__WHAT THE TASK REQUIRES__
Throughout the records below, find the lines with the string "GenericBase" and give how many there are, nothing else.

§

(* Let $p$ be an odd prime and let $s$ be an integer with $0\le s\le \frac{p-1}{2}$. Then, modulo $[p]^2$, $$\sum_{k=0}^{\frac{p-1}{2}} \begin{bmatrix}2k\\k\end{bmatrix}_{q^2}^2 \begin{bmatrix}2k\\k+s\end{bmatrix}_{q^2} \frac{q^{2k}}{(-q^2;q^2)_k^2\,(-q;q)_{2k}^2} \equiv \begin{cases} (-1)^s q^{\frac{p-1}{2}-s^2} \begin{bmatrix}\frac{p-1}{2}\\ \frac{p-2s-1}{4}\end{bmatrix}_{q^4}^2 \dfrac{(q^2;q^2)_{\frac{p-2s-1}{2}}\,(q^2;q^2)_{\frac{p+2s-1}{2}}}{(q^4;q^4)_{\frac{p-1}{2}}^2}, & \text{if } s\equiv \frac{p-1}{2}\pmod 2,\\[2mm] 0, & \text{otherwise.}\end{cases}$$
   Context: For an indeterminate $q$ and an integer $n\ge 0$: $(a;q)_0=1$ and $(a;q)_n=(1-a)(1-aq)\cdots(1-aq^{n-1})$. The $q$-binomial coefficient is $\begin{bmatrix}n\\k\end{bmatrix}_q=\frac{(q^{n-k+1};q)_k}{(q;q)_k}$ if $0\le k\le n$ and $0$ otherwise; if no base is indicated, the base is $q$. For a positive integer $p$, $[p]=\frac{1-q^p}{1-q}=1+q+\cdots+q^{p-1}$. For a prime $p$, $[p]$ is irreducible in $\mathbb{Q}[q]$; for rational functions $A,B$ of $q$ whose denominators are coprime to $[p]$, $A\equiv B\pmod{[p]^r}$ means that $A-B$, written in lowest terms, has numerator divisible by $[p]^r$ in $\mathbb{Q}[q]$. *)

From HB Require Import structures.
From mathcomp Require Import all_boot all_order all_algebra.
From mathcomp Require Import fraction.
Set Implicit Arguments. Unset Strict Implicit. Unset Printing Implicit Defensive.
Import Order.TTheory GRing.Theory Num.Theory.
Local Open Scope ring_scope.

Notation RF := {fraction {poly rat}}.

Notation "x %:F" := (@FracField.tofrac _ x).

Definition qq : RF := ('X : {poly rat})%:F.

Definition qpoch (R : ringType) (a Q : R) (n : nat) : R :=
  \prod_(i < n) (1 - a * Q ^+ i).

Definition qbin (R : fieldType) (Q : R) (n k : nat) : R :=
  if (k <= n)%N then qpoch (Q ^+ (n - k + 1)) Q k / qpoch Q Q k else 0.

Definition qint (p : nat) : {poly rat} := \sum_(i < p) 'X ^+ i.

(* A == B (mod [p]^r) for rational functions: A - B times some polynomial
   denominator D coprime to [p] is [p]^r times a polynomial.  (Equivalent to
   "the numerator of A - B in lowest terms is divisible by [p]^r" when [p]
   is irreducible.) *)
Definition qcong (p r : nat) (A B : RF) : Prop :=
  exists N D : {poly rat},
    coprimep D (qint p) /\ (A - B) * D%:F = ((qint p) ^+ r)%:F * N%:F.

(* Write Q = q^2 and n = (p-1)/2.  Splitting (Q;Q)_2k and (Q^2;Q^2)_k into (q;Q)_k,
   (-Q;Q)_k, (-q;q)_2k and (Q;Q)_k, the k-th summand becomes (q;Q)_k^2 W(s,k) with
   W(s,k) = [2k, k+s]_Q Q^k / (Q^2;Q^2)_k^2.  Factor by factor,
     (1 - q Q^i)^2 - (1 - Q^(i-n)) (1 - Q^(n+1+i)) = Q^(i-n) (q^p - 1)^2,
   so modulo [p]^2 the sum is S(n,s) = sum_k (Q^-n;Q)_k (Q^(n+1);Q)_k W(s,k); every
   denominator involved is a product of powers of q and of 1 - q^j with p not dividing j,
   hence coprime to [p].  The terminating sum S(n,s) is evaluated exactly for all n >= s:
   a q-WZ pair gives a two-step recurrence in n, which carries the initial values S(s,s)
   and S(s+1,s) = 0 to the closed form, zero when n - s is odd. *)

From HB Require Import structures.
From mathcomp Require Import all_boot all_order all_algebra.
From mathcomp Require Import fraction.
From mathcomp Require Import ring zify.
Set Implicit Arguments. Unset Strict Implicit. Unset Printing Implicit Defensive.
Import Order.TTheory GRing.Theory Num.Theory.
Local Open Scope ring_scope.

Section QPochhammer.
Variable R : comNzRingType.
Implicit Types a Q : R.

Lemma qpoch0 a Q : qpoch a Q 0 = 1.
Proof. by rewrite /qpoch big_ord0. Qed.

Lemma qpochS a Q n : qpoch a Q n.+1 = qpoch a Q n * (1 - a * Q ^+ n).
Proof. by rewrite /qpoch big_ord_recr. Qed.

Lemma qpochSl a Q n : qpoch a Q n.+1 = (1 - a) * qpoch (a * Q) Q n.
Proof.
rewrite /qpoch big_ord_recl /= expr0 mulr1; congr (_ * _).
by apply: eq_bigr => i _; rewrite /bump /= add1n exprS mulrA.
Qed.

Lemma qpochD a Q m n : qpoch a Q (m + n) = qpoch a Q m * qpoch (a * Q ^+ m) Q n.
Proof.
elim: n => [|n IH]; first by rewrite addn0 qpoch0 mulr1.
by rewrite addnS !qpochS IH exprD !mulrA.
Qed.

Lemma qpoch_eq0 a Q n i : (i < n)%N -> a * Q ^+ i = 1 -> qpoch a Q n = 0.
Proof. by move=> lt_in h; rewrite /qpoch (bigD1 (Ordinal lt_in)) //= h subrr mul0r. Qed.

Lemma qpochSS a Q n :
  qpoch a Q n * (1 - a * Q ^+ n) * (1 - a * Q ^+ n.+1) =
  (1 - a) * (1 - a * Q) * qpoch (a * Q * Q) Q n.
Proof. by rewrite -!qpochS !qpochSl mulrA. Qed.

End QPochhammer.

Definition qgeneric (F : fieldType) (Q : F) :=
  Q != 0 /\ forall j, (0 < j)%N -> Q ^+ j != 1.

Section GenericBase.
Variables (F : fieldType) (Q : F).
Hypothesis gQ : qgeneric Q.

Lemma qgenericX j : (0 < j)%N -> qgeneric (Q ^+ j).
Proof.
case: gQ => Q0 Qj j0; split; first by rewrite expf_neq0.
by move=> i i0; rewrite -exprM; apply: Qj; rewrite muln_gt0 j0.
Qed.

Lemma expQ_neq0 j : Q ^+ j != 0.
Proof. by rewrite expf_neq0 //; case: gQ. Qed.

Lemma subr1Q_neq0 j : (0 < j)%N -> 1 - Q ^+ j != 0.
Proof. by case: gQ => _ Qj j0; rewrite subr_eq0 eq_sym Qj. Qed.

Lemma subrQ1_neq0 j : (0 < j)%N -> Q ^+ j - 1 != 0.
Proof. by case: gQ => _ Qj j0; rewrite subr_eq0 Qj. Qed.

Lemma subrQQ_neq0 i j : (i < j)%N -> Q ^+ i - Q ^+ j != 0.
Proof.
move=> lt_ij; rewrite -(subnKC (ltnW lt_ij)) exprD -{1}[Q ^+ i]mulr1 -mulrBr.
by rewrite mulf_neq0 ?expQ_neq0 ?subr1Q_neq0 ?subn_gt0.
Qed.

Lemma subrXQ_neq0 j : (1 < j)%N -> Q ^+ j - Q != 0.
Proof. by move=> lt1j; rewrite -{2}(expr1 Q) -opprB oppr_eq0 subrQQ_neq0. Qed.

Lemma addr1Q_neq0 j : (0 < j)%N -> 1 + Q ^+ j != 0.
Proof.
case: gQ => _ Qj j0; rewrite addrC addr_eq0; apply/eqP => Qj_eqN1.
by have := Qj (j * 2)%N; rewrite muln_gt0 j0 exprM Qj_eqN1 sqrrN expr1n eqxx => /(_ isT).
Qed.

Lemma qpochQQ_neq0 m : qpoch Q Q m != 0.
Proof. by apply/prodf_neq0 => i _; rewrite -exprS subr1Q_neq0. Qed.

Lemma qbinE N K : (K <= N)%N ->
  qbin Q N K = qpoch Q Q N / (qpoch Q Q K * qpoch Q Q (N - K)).
Proof.
move=> le_KN; rewrite /qbin le_KN.
have -> : qpoch Q Q N = qpoch Q Q (N - K) * qpoch (Q ^+ (N - K + 1)) Q K.
  by rewrite -{1}(subnK le_KN) qpochD -exprS addn1.
have := qpochQQ_neq0 (N - K); have := qpochQQ_neq0 K.
by move: (qpoch Q Q K) (qpoch Q Q (N - K)) => x y x0 y0; field; rewrite x0 y0.
Qed.

End GenericBase.

Lemma qbin_gt (F : fieldType) (Q : F) N K : (N < K)%N -> qbin Q N K = 0.
Proof. by move=> h; rewrite /qbin leqNgt h. Qed.

Section WZPair.
Variables (F : fieldType) (Q : F).

Definition binw s k :=
  qbin Q (2 * k) (k + s) * Q ^+ k / qpoch (Q ^+ 2) (Q ^+ 2) k ^+ 2.

Definition summand n s k :=
  qpoch (Q ^+ n)^-1 Q k * qpoch (Q ^+ n.+1) Q k * binw s k.

Definition qsum n s := \sum_(k < n.+1) summand n s k.

(* The rational certificate of the q-WZ pair in (n, k), as a function of
   a = Q^n, b = Q^s and x = Q^k. *)
Definition cert_ratio (a b x : F) :=
  (Q ^+ 3 * a ^+ 2 - 1) / (Q * a) * ((1 - x ^+ 2) * (1 - x * b) * (1 - x / b))
  / (x * (1 - (a * Q)^-1) * (1 - (a * Q ^+ 2)^-1)).

Definition cert_weight n s k :=
  qpoch (Q ^+ n.+2)^-1 Q k * qpoch (Q ^+ n.+1) Q k * binw s k.

Definition cert n s k :=
  cert_weight n s k * cert_ratio (Q ^+ n) (Q ^+ s) (Q ^+ k).

Definition rec_lead n s := (1 - Q ^+ 2 * Q ^+ n / Q ^+ s) * (1 - Q ^+ 2 * Q ^+ n * Q ^+ s).

Definition rec_tail n s := Q * (1 - Q * Q ^+ n / Q ^+ s) * (1 - Q * Q ^+ n * Q ^+ s).

Lemma binw_lt s k : (k < s)%N -> binw s k = 0.
Proof. by move=> lt_ks; rewrite /binw qbin_gt ?mul0r // mul2n -addnn ltn_add2l. Qed.

Lemma cert_ratio_root a b : b != 0 -> cert_ratio a b b = 0.
Proof. by move=> b0; rewrite /cert_ratio divff // subrr !mulr0 mul0r. Qed.

Lemma cert_ratio1 a b : cert_ratio a b 1 = 0.
Proof. by rewrite /cert_ratio expr1n subrr !mul0r mulr0 mul0r. Qed.

Lemma cert_ratio_identity a b x :
  Q != 0 -> a != 0 -> b != 0 -> x != 0 ->
  1 - Q * a != 0 -> 1 - Q ^+ 2 * a != 0 -> a * Q - 1 != 0 -> a * Q ^+ 2 - 1 != 0 ->
  1 - Q * x * b != 0 -> b - Q * x != 0 -> 1 - Q ^+ 2 * x ^+ 2 != 0 ->
  (1 - Q ^+ 2 * a / b) * (1 - Q ^+ 2 * a * b) *
    ((1 - Q * a * x) * (1 - Q ^+ 2 * a * x) / ((1 - Q * a) * (1 - Q ^+ 2 * a)))
  - Q * (1 - Q * a / b) * (1 - Q * a * b) *
    ((1 - (a * Q ^+ 2)^-1 * x) * (1 - (a * Q ^+ 2)^-1 * (x * Q))
       / ((1 - (a * Q ^+ 2)^-1) * (1 - (a * Q ^+ 2)^-1 * Q)))
  = (1 - (a * Q ^+ 2)^-1 * x) * (1 - a * Q * x) *
    ((1 - Q * x ^+ 2) * (1 - Q ^+ 2 * x ^+ 2) * Q /
       ((1 - Q * x * b) * (1 - Q * x / b) * (1 - Q ^+ 2 * x ^+ 2) ^+ 2))
    * cert_ratio a b (Q * x) - cert_ratio a b x.
Proof.
move=> *; rewrite /cert_ratio; field.
by rewrite exprMn; repeat (apply/andP; split).
Qed.

Hypothesis gQ : qgeneric Q.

§

__REPLY__
2